# [Task details]
Quote exactly and only this range of lines in the data below: the line that holds "Definition wf_ont (S" to the line that holds "(forall a, List.In a (qatoms q) -> wf_ratom", both included.

════════

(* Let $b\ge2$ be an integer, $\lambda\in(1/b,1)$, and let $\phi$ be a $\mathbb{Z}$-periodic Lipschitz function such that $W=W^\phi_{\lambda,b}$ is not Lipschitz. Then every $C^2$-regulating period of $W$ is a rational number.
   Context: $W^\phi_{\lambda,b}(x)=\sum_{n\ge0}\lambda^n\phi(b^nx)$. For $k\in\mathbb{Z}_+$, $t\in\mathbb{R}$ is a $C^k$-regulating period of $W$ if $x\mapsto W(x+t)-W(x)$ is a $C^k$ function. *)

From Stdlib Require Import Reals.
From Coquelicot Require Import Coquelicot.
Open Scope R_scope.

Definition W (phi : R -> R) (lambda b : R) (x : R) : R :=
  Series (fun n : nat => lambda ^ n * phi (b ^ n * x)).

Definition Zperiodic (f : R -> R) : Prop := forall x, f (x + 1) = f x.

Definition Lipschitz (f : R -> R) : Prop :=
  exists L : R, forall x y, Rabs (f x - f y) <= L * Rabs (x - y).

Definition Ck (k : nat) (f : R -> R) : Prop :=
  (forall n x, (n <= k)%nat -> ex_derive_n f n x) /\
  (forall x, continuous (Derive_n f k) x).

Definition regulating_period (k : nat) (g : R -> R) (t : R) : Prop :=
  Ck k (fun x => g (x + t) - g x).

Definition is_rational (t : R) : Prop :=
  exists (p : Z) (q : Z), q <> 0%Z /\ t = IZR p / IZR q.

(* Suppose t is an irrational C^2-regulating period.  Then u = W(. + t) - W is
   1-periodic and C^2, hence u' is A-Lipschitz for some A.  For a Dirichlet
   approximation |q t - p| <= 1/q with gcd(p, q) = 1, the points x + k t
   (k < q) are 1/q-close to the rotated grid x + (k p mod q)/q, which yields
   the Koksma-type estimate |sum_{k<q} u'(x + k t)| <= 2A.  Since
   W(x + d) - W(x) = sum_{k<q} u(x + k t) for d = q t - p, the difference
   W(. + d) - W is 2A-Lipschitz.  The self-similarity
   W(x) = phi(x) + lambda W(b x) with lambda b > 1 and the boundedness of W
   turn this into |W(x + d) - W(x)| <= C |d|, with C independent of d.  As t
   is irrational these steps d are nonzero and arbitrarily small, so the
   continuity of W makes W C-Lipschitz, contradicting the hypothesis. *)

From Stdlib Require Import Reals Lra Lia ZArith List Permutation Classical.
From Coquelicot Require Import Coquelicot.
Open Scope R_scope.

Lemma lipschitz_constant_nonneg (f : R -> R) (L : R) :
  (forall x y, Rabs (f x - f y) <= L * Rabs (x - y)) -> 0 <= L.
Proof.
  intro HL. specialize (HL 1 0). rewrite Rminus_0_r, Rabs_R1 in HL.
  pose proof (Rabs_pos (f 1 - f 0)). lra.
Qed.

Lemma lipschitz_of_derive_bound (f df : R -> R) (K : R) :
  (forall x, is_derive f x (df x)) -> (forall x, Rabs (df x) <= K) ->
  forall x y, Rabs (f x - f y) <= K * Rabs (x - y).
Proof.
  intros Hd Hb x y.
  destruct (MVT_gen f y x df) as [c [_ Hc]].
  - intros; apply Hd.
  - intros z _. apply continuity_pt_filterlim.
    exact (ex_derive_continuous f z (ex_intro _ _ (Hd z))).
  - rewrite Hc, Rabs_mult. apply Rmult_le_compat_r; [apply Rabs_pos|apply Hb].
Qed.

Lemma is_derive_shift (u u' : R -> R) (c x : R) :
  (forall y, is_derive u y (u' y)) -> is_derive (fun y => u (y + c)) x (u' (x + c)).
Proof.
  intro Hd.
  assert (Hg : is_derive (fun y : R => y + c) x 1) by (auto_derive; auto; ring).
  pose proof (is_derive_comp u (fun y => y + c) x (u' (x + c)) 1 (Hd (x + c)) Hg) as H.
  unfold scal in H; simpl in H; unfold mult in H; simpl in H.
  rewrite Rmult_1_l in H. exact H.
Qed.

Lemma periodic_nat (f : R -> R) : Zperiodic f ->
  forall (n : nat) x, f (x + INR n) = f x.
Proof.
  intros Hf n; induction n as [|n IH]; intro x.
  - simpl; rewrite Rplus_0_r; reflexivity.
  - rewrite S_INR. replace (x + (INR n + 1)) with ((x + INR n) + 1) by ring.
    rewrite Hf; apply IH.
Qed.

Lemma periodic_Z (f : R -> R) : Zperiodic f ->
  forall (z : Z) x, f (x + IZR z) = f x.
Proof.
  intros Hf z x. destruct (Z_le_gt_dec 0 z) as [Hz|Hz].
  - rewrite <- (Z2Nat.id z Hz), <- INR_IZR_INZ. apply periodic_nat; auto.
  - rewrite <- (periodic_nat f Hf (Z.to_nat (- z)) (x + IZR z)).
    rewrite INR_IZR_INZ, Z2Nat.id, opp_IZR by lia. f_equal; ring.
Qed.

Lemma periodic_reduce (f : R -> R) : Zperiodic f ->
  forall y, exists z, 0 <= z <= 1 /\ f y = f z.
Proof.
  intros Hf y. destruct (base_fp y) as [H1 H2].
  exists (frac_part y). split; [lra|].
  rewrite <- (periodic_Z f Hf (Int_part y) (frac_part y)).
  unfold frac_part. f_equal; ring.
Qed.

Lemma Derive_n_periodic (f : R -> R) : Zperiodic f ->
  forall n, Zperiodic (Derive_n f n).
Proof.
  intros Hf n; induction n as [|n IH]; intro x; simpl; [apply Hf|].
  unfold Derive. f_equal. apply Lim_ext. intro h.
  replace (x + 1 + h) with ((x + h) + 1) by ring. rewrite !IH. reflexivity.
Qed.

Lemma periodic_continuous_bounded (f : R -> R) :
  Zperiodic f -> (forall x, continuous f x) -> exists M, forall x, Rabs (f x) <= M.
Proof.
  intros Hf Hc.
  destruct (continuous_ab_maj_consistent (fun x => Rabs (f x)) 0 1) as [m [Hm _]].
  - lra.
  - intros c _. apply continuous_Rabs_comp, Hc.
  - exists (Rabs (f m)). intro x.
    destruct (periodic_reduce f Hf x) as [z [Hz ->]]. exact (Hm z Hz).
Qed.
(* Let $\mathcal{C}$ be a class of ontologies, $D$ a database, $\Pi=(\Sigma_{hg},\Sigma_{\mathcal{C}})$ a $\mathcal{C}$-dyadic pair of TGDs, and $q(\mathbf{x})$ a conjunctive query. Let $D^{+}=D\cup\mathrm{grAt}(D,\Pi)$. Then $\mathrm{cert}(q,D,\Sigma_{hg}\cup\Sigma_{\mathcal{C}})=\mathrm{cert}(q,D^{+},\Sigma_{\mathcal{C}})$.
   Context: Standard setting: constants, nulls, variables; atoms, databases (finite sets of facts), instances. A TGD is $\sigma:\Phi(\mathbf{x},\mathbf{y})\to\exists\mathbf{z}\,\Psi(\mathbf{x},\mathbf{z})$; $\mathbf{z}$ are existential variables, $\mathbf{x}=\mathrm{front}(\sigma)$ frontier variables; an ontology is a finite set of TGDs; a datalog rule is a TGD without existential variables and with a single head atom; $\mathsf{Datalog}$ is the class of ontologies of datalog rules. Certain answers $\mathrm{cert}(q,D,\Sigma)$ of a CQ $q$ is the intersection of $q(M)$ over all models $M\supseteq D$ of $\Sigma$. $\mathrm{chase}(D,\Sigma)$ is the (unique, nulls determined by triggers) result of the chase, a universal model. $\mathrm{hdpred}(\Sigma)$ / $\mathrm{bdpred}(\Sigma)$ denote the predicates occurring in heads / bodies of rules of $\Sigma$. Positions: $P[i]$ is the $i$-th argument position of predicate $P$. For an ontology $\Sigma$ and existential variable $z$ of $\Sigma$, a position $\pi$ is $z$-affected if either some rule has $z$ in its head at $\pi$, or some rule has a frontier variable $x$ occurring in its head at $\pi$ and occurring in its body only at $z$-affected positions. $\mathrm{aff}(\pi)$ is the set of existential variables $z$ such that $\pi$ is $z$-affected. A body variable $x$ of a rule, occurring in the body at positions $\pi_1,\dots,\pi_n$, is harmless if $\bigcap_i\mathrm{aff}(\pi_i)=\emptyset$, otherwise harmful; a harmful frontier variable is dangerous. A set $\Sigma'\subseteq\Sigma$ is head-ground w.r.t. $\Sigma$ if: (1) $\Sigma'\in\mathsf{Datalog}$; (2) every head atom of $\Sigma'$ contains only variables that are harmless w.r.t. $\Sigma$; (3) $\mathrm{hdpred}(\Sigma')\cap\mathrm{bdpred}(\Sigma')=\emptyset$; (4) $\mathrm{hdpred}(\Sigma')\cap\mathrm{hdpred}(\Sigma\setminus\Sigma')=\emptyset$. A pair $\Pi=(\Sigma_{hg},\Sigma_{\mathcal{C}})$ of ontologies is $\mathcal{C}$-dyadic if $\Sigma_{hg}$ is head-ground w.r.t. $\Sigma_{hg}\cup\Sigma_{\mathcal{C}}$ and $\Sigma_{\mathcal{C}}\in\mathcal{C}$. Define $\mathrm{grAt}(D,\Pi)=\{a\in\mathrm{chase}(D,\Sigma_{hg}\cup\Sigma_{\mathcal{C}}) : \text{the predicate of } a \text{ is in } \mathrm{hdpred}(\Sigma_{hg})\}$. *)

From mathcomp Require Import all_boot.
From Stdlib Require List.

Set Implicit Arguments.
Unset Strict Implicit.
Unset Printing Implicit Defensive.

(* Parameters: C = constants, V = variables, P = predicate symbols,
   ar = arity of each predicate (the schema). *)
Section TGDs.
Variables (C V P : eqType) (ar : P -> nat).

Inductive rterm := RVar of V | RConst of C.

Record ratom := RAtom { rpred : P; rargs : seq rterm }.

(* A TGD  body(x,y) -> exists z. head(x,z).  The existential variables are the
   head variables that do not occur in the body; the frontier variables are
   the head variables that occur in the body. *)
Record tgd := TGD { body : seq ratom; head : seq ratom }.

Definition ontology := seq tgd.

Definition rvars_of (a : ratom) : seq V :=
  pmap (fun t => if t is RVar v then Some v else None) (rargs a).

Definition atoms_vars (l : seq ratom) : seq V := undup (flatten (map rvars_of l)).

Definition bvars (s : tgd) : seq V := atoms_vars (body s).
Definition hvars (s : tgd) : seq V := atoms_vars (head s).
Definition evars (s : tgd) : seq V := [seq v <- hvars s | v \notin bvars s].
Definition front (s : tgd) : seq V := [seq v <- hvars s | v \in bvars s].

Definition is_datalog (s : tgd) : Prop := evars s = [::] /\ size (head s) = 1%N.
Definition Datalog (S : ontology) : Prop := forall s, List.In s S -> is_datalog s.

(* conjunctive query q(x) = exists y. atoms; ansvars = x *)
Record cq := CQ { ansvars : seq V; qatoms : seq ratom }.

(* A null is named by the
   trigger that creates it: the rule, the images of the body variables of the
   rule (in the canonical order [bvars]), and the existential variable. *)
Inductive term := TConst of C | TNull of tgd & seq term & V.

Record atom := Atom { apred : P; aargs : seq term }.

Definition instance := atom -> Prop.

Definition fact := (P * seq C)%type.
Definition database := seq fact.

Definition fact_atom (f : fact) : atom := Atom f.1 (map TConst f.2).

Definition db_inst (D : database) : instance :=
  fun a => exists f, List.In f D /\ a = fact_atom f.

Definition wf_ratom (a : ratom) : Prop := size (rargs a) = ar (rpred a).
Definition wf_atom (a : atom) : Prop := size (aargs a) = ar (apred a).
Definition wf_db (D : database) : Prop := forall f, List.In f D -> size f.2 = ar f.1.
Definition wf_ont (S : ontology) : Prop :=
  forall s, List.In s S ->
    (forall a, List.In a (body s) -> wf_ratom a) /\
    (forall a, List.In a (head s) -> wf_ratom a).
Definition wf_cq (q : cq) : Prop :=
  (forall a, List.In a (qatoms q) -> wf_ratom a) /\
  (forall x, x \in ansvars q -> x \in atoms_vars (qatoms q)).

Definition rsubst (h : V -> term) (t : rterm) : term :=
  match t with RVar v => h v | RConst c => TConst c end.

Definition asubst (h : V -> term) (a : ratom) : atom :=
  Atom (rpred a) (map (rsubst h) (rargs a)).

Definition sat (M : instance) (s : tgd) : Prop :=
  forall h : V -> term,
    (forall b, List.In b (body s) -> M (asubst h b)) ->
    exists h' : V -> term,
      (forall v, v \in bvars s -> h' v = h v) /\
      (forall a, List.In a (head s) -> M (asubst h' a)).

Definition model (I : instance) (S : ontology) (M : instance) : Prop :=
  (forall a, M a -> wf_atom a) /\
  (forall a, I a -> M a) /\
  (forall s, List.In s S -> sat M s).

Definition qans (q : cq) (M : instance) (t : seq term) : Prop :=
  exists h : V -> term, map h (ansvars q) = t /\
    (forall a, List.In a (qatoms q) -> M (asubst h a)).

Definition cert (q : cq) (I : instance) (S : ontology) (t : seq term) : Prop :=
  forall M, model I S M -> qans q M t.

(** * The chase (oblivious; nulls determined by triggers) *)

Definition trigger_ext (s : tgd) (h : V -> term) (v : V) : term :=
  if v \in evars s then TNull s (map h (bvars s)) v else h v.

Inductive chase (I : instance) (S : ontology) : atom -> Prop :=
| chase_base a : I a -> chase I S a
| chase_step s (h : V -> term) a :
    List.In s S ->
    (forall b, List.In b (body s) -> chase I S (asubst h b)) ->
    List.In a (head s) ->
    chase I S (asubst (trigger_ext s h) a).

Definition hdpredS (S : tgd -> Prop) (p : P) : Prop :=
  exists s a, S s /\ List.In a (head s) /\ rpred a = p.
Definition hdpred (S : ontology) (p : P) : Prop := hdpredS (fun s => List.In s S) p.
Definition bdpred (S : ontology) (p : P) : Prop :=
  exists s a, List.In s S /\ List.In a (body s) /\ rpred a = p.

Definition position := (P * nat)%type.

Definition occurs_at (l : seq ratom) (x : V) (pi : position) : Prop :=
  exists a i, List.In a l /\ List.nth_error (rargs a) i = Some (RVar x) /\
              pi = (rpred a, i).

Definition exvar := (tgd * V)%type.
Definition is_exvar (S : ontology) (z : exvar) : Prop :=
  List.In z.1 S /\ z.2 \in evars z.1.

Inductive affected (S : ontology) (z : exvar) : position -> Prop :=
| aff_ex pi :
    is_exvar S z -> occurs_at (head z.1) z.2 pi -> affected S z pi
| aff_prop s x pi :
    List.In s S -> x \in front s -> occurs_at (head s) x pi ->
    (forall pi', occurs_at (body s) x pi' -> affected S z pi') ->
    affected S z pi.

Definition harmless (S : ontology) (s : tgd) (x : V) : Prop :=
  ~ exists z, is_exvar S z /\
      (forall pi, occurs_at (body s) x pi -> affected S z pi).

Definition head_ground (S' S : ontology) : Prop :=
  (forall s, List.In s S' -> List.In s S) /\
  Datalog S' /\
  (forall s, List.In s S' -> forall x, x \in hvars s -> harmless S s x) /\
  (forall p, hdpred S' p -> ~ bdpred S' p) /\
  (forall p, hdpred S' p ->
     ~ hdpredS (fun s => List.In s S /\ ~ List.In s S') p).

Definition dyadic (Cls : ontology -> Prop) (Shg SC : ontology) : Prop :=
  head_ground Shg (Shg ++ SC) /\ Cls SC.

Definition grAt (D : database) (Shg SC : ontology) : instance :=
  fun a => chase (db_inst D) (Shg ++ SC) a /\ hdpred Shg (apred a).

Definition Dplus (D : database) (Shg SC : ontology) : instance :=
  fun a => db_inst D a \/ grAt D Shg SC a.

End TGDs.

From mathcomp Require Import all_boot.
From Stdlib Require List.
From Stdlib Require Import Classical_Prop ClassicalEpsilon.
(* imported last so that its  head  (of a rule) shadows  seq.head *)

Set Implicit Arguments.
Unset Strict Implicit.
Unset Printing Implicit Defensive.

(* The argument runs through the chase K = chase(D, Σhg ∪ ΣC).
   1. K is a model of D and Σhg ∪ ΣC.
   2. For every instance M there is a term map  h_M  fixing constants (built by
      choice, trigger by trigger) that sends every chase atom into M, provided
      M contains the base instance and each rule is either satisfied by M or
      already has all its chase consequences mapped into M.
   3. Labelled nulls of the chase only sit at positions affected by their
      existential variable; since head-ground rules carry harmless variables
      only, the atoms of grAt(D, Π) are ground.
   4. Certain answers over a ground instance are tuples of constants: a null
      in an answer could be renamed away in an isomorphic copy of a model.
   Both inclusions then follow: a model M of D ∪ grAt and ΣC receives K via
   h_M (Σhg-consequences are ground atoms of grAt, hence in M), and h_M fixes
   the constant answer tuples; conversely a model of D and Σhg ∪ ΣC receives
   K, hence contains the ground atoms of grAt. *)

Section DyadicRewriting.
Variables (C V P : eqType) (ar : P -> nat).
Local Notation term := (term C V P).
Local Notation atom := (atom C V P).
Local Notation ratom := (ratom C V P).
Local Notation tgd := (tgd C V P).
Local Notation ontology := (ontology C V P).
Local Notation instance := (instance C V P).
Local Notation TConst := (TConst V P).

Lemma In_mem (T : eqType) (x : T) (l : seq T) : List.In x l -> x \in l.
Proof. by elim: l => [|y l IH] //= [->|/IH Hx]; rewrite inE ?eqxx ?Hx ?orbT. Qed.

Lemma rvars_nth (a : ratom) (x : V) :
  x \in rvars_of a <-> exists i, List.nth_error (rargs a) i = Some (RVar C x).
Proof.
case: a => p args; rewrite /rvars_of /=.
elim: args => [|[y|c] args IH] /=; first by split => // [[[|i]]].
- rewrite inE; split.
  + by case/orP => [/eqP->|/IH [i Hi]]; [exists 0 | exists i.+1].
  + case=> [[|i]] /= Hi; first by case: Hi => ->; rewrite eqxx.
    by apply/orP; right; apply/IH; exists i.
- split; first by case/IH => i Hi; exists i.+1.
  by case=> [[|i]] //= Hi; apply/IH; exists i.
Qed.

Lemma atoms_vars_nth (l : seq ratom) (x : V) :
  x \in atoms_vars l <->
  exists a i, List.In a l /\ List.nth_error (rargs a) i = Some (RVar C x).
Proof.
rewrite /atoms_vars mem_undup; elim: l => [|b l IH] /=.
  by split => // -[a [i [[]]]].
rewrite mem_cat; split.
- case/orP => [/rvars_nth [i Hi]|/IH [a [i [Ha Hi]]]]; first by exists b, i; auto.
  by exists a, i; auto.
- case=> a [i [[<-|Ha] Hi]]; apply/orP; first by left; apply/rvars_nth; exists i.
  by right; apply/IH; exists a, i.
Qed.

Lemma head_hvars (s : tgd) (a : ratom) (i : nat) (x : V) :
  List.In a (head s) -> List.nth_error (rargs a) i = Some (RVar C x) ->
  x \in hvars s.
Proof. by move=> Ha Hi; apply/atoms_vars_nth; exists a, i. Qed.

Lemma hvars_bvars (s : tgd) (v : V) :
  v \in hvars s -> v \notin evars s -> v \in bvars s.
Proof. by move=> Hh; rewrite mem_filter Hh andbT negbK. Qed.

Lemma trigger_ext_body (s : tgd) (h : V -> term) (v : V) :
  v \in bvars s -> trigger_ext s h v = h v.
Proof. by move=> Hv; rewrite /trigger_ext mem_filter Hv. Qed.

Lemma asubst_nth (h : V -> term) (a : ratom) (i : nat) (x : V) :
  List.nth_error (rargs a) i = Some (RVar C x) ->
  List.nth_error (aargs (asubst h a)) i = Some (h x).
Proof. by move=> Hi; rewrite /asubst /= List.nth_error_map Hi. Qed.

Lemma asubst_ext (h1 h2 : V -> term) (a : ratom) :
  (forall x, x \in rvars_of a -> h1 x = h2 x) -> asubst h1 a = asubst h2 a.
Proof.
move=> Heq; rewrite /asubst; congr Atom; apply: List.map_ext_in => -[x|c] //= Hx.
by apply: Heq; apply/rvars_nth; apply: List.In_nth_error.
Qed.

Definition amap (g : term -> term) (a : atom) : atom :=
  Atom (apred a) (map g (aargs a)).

════════

# [Task answer]
Definition wf_ont (S : ontology) : Prop :=
  forall s, List.In s S ->
    (forall a, List.In a (body s) -> wf_ratom a) /\
    (forall a, List.In a (head s) -> wf_ratom a).
Definition wf_cq (q : cq) : Prop :=
  (forall a, List.In a (qatoms q) -> wf_ratom a) /\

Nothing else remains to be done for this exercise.